# Your goal:
An answer that reproduces all the entries exactly is what is needed.

# Information supplied:
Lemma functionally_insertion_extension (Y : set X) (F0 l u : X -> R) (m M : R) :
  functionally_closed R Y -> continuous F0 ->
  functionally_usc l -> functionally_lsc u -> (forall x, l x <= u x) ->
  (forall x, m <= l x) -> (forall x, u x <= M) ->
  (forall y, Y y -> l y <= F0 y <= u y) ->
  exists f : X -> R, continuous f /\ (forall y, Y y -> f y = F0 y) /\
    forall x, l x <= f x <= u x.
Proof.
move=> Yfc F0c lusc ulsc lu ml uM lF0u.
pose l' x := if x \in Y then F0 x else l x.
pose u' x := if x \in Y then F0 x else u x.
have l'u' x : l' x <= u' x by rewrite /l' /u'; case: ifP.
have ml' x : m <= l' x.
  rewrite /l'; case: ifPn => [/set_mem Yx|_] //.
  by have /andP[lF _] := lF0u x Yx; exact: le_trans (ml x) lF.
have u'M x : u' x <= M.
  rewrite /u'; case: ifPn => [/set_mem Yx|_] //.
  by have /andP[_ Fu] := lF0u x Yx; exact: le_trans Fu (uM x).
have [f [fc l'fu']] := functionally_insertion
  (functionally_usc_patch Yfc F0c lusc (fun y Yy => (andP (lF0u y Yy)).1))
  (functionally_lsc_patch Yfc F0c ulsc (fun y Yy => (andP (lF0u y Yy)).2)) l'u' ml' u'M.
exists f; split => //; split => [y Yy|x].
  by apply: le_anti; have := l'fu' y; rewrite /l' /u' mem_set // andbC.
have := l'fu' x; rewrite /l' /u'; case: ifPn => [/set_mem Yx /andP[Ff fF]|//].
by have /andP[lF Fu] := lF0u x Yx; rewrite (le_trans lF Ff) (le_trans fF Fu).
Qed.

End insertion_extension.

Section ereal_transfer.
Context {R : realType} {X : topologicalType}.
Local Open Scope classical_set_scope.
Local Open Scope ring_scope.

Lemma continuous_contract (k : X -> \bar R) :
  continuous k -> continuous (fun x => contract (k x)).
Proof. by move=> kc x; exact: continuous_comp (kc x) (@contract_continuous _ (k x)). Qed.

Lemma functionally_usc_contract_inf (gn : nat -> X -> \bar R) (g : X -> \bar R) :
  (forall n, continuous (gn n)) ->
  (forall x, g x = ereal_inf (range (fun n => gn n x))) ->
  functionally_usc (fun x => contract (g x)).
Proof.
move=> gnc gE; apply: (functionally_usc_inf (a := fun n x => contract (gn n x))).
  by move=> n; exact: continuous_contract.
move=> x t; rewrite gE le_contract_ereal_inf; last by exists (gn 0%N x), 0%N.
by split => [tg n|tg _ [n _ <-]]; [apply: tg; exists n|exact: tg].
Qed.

# Written answer:
Lemma functionally_insertion_extension (Y : set X) (F0 l u : X -> R) (m M : R) :
  functionally_closed R Y -> continuous F0 ->
  functionally_usc l -> functionally_lsc u -> (forall x, l x <= u x) ->
  (forall x, m <= l x) -> (forall x, u x <= M) ->
  (forall y, Y y -> l y <= F0 y <= u y) ->
  exists f : X -> R, continuous f /\ (forall y, Y y -> f y = F0 y) /\
    forall x, l x <= f x <= u x.
Proof.
move=> Yfc F0c lusc ulsc lu ml uM lF0u.
pose l' x := if x \in Y then F0 x else l x.
pose u' x := if x \in Y then F0 x else u x.
have l'u' x : l' x <= u' x by rewrite /l' /u'; case: ifP.
have ml' x : m <= l' x.
  rewrite /l'; case: ifPn => [/set_mem Yx|_] //.
  by have /andP[lF _] := lF0u x Yx; exact: le_trans (ml x) lF.
have u'M x : u' x <= M.
  rewrite /u'; case: ifPn => [/set_mem Yx|_] //.
  by have /andP[_ Fu] := lF0u x Yx; exact: le_trans Fu (uM x).
have [f [fc l'fu']] := functionally_insertion
  (functionally_usc_patch Yfc F0c lusc (fun y Yy => (andP (lF0u y Yy)).1))
  (functionally_lsc_patch Yfc F0c ulsc (fun y Yy => (andP (lF0u y Yy)).2)) l'u' ml' u'M.
exists f; split => //; split => [y Yy|x].
  by apply: le_anti; have := l'fu' y; rewrite /l' /u' mem_set // andbC.
have := l'fu' x; rewrite /l' /u'; case: ifPn => [/set_mem Yx /andP[Ff fF]|//].
by have /andP[lF Fu] := lF0u x Yx; rewrite (le_trans lF Ff) (le_trans fF Fu).
Qed.

End insertion_extension.

Section ereal_transfer.
Context {R : realType} {X : topologicalType}.
Local Open Scope classical_set_scope.
Local Open Scope ring_scope.

Lemma continuous_contract (k : X -> \bar R) :
  continuous k -> continuous (fun x => contract (k x)).
Proof. by move=> kc x; exact: continuous_comp (kc x) (@contract_continuous _ (k x)). Qed.

Lemma functionally_usc_contract_inf (gn : nat -> X -> \bar R) (g : X -> \bar R) :
  (forall n, continuous (gn n)) ->
  (forall x, g x = ereal_inf (range (fun n => gn n x))) ->
  functionally_usc (fun x => contract (g x)).
Proof.
move=> gnc gE; apply: (functionally_usc_inf (a := fun n x => contract (gn n x))).
  by move=> n; exact: continuous_contract.
move=> x t; rewrite gE le_contract_ereal_inf; last by exists (gn 0%N x), 0%N.
by split => [tg n|tg _ [n _ <-]]; [apply: tg; exists n|exact: tg].
Qed.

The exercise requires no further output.